START MATERIALS PROVIDED

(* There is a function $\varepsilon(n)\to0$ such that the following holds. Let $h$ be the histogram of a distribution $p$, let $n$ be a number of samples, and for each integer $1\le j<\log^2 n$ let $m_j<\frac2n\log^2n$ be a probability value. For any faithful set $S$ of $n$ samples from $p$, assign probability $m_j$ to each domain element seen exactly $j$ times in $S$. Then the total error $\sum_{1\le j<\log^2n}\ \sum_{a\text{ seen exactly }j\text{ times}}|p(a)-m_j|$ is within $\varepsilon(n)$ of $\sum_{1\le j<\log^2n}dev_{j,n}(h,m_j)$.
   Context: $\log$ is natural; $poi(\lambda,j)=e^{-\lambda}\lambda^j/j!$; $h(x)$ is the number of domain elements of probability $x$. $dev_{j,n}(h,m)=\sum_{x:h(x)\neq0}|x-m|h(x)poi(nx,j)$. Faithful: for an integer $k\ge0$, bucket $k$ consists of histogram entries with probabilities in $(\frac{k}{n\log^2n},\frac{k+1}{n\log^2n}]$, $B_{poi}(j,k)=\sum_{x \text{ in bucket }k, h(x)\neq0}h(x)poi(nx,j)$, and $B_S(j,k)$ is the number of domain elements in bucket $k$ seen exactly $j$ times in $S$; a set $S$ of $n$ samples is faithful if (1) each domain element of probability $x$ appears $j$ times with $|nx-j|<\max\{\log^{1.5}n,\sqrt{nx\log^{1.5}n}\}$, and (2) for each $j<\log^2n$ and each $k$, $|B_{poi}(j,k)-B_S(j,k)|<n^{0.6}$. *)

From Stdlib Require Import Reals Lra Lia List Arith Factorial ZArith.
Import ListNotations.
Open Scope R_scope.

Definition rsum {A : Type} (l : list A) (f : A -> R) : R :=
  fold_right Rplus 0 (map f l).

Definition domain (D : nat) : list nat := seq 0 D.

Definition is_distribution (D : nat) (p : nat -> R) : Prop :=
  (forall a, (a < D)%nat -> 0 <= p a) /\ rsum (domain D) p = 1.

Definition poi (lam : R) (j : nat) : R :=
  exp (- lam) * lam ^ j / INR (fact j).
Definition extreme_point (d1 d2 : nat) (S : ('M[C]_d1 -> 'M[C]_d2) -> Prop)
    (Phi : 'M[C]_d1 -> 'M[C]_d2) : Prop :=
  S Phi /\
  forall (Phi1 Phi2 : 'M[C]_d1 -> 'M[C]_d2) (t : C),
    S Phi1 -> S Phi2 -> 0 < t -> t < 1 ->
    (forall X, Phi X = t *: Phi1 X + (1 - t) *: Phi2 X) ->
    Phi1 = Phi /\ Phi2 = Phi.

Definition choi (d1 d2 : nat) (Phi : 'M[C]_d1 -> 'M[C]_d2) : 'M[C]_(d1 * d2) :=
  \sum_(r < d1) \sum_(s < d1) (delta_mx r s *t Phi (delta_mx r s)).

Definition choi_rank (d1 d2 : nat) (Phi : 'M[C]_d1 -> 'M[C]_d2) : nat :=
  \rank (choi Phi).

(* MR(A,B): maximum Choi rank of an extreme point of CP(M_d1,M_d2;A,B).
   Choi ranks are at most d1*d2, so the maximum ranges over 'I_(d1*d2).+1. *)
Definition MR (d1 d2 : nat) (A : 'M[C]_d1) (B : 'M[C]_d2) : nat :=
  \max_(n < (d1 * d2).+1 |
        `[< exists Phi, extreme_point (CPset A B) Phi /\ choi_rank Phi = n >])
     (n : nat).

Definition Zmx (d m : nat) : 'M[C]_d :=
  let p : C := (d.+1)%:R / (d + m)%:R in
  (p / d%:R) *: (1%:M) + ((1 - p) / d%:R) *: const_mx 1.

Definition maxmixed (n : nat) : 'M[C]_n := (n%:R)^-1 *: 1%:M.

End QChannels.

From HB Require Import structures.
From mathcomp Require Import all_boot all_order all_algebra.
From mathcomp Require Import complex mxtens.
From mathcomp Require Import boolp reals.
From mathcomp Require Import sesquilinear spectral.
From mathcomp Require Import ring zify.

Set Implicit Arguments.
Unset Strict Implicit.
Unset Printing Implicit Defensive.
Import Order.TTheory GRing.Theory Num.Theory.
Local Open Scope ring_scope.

END MATERIALS PROVIDED
START MATERIALS PROVIDED

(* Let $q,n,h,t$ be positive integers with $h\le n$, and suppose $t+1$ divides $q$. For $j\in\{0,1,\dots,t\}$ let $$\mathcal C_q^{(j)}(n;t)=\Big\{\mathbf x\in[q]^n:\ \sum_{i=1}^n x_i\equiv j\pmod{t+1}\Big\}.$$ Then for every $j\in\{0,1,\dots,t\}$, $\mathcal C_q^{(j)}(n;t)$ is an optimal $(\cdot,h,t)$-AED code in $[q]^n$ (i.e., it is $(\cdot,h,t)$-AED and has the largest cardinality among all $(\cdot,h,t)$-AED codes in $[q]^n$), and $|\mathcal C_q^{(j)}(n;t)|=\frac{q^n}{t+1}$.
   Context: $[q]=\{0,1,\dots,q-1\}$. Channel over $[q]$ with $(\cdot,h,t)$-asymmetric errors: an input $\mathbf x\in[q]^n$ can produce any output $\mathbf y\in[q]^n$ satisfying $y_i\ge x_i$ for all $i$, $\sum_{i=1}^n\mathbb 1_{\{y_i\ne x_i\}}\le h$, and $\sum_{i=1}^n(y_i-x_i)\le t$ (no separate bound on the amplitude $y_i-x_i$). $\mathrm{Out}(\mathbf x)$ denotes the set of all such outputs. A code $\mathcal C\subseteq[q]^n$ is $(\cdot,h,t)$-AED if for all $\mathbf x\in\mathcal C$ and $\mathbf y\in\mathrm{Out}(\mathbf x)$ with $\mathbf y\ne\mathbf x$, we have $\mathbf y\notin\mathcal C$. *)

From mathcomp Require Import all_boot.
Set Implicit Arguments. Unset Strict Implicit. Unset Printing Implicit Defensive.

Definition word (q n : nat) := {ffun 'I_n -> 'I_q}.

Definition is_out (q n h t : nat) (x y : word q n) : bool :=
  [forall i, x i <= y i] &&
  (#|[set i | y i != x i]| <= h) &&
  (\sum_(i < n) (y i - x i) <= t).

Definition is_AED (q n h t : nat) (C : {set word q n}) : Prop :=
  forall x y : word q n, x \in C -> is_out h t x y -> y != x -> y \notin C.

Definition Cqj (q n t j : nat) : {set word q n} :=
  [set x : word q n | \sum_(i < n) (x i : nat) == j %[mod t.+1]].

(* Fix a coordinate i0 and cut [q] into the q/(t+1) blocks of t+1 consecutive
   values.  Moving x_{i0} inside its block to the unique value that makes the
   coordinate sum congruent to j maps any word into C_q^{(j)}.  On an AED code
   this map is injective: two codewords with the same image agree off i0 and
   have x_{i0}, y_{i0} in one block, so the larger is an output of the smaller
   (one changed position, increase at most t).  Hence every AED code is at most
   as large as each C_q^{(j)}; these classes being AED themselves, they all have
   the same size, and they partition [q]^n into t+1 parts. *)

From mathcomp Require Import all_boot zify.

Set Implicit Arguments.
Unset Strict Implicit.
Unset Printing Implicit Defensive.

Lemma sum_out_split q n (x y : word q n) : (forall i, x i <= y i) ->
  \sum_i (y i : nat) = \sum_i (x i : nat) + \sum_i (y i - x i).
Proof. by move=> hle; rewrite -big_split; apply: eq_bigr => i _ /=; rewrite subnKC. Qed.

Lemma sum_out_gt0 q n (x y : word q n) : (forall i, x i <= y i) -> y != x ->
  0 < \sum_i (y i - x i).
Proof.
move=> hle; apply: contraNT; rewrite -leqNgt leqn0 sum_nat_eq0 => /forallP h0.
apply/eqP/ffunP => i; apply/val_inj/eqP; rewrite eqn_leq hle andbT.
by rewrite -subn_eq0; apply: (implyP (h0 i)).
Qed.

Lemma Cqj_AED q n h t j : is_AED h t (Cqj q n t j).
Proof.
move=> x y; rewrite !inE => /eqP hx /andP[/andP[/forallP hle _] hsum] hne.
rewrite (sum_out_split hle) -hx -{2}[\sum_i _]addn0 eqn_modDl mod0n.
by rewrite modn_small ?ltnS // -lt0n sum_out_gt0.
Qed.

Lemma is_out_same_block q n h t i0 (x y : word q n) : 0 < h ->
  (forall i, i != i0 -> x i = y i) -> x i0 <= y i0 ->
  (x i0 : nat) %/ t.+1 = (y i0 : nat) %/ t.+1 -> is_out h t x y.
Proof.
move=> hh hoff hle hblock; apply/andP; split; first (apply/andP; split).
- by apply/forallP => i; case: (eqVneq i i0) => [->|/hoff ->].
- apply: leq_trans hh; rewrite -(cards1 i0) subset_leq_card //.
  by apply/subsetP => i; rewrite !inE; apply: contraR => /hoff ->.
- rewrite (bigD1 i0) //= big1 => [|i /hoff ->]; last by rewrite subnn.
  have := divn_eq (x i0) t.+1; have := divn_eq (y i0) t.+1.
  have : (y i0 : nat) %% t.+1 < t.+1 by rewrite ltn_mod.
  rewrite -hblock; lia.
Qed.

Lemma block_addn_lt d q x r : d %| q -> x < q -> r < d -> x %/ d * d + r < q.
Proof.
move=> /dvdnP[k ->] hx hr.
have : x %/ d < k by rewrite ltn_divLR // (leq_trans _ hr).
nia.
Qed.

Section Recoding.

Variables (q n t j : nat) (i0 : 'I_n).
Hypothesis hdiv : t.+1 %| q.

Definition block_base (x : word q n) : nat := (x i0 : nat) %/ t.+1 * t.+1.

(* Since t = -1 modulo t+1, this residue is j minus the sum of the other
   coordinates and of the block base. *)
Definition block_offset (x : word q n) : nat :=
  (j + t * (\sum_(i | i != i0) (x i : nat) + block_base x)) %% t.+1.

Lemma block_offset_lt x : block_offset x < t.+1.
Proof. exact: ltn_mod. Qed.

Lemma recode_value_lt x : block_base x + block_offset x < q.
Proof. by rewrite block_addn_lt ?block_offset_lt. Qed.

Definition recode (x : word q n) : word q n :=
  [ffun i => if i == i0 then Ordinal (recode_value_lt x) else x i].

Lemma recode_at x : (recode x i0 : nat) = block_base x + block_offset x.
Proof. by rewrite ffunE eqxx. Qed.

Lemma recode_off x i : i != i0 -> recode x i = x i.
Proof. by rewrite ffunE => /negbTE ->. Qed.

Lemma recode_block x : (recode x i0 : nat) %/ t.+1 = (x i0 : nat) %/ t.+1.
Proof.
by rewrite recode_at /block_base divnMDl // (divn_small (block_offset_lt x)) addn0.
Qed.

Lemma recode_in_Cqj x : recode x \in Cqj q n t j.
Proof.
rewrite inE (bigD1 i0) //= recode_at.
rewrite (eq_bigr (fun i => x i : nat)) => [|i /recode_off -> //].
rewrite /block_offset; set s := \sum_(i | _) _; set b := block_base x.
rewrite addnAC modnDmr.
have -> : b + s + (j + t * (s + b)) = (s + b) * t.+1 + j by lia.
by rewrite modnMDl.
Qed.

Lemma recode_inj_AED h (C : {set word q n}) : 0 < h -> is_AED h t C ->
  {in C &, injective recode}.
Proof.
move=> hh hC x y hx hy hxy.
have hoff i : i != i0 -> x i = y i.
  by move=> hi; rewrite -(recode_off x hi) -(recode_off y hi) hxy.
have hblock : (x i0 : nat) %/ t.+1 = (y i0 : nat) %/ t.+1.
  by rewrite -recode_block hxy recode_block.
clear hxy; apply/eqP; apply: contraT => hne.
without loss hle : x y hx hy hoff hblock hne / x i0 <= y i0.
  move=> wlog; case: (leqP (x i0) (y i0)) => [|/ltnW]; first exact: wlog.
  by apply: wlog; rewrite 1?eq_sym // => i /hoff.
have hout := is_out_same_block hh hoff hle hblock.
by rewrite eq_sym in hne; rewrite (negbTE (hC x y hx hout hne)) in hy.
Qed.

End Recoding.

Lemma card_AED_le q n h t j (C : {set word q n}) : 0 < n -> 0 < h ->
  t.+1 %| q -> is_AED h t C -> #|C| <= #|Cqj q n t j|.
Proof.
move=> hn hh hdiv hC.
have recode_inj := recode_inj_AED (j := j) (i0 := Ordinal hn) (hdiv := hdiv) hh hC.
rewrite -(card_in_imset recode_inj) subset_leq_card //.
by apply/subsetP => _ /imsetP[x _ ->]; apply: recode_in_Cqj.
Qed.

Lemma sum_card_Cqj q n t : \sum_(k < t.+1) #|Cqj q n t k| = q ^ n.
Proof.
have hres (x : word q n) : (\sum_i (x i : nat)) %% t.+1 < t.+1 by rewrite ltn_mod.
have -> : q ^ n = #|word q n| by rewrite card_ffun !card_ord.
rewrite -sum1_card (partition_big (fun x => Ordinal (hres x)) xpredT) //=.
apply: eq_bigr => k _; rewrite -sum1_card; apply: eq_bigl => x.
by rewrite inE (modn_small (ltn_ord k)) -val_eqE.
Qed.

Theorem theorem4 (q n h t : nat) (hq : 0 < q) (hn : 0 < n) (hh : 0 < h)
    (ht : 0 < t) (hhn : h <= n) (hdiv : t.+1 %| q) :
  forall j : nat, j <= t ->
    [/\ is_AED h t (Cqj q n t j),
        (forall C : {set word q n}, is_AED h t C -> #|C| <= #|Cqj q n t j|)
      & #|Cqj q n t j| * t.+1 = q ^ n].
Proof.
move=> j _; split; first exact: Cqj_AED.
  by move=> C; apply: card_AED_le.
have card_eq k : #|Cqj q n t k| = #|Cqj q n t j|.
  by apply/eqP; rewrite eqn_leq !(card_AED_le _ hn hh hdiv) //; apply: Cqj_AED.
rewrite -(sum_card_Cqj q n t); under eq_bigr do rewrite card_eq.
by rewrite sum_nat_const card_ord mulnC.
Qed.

END MATERIALS PROVIDED

Return word for word the lines above from the line with "by rewrite eq_sym" to the line with "apply: eq_bigr => k", including both and leaving out all others.

§ THE ANSWER
by rewrite eq_sym in hne; rewrite (negbTE (hC x y hx hout hne)) in hy.
Qed.

End Recoding.

Lemma card_AED_le q n h t j (C : {set word q n}) : 0 < n -> 0 < h ->
  t.+1 %| q -> is_AED h t C -> #|C| <= #|Cqj q n t j|.
Proof.
move=> hn hh hdiv hC.
have recode_inj := recode_inj_AED (j := j) (i0 := Ordinal hn) (hdiv := hdiv) hh hC.
rewrite -(card_in_imset recode_inj) subset_leq_card //.
by apply/subsetP => _ /imsetP[x _ ->]; apply: recode_in_Cqj.
Qed.

Lemma sum_card_Cqj q n t : \sum_(k < t.+1) #|Cqj q n t k| = q ^ n.
Proof.
have hres (x : word q n) : (\sum_i (x i : nat)) %% t.+1 < t.+1 by rewrite ltn_mod.
have -> : q ^ n = #|word q n| by rewrite card_ffun !card_ord.
rewrite -sum1_card (partition_big (fun x => Ordinal (hres x)) xpredT) //=.
apply: eq_bigr => k _; rewrite -sum1_card; apply: eq_bigl => x.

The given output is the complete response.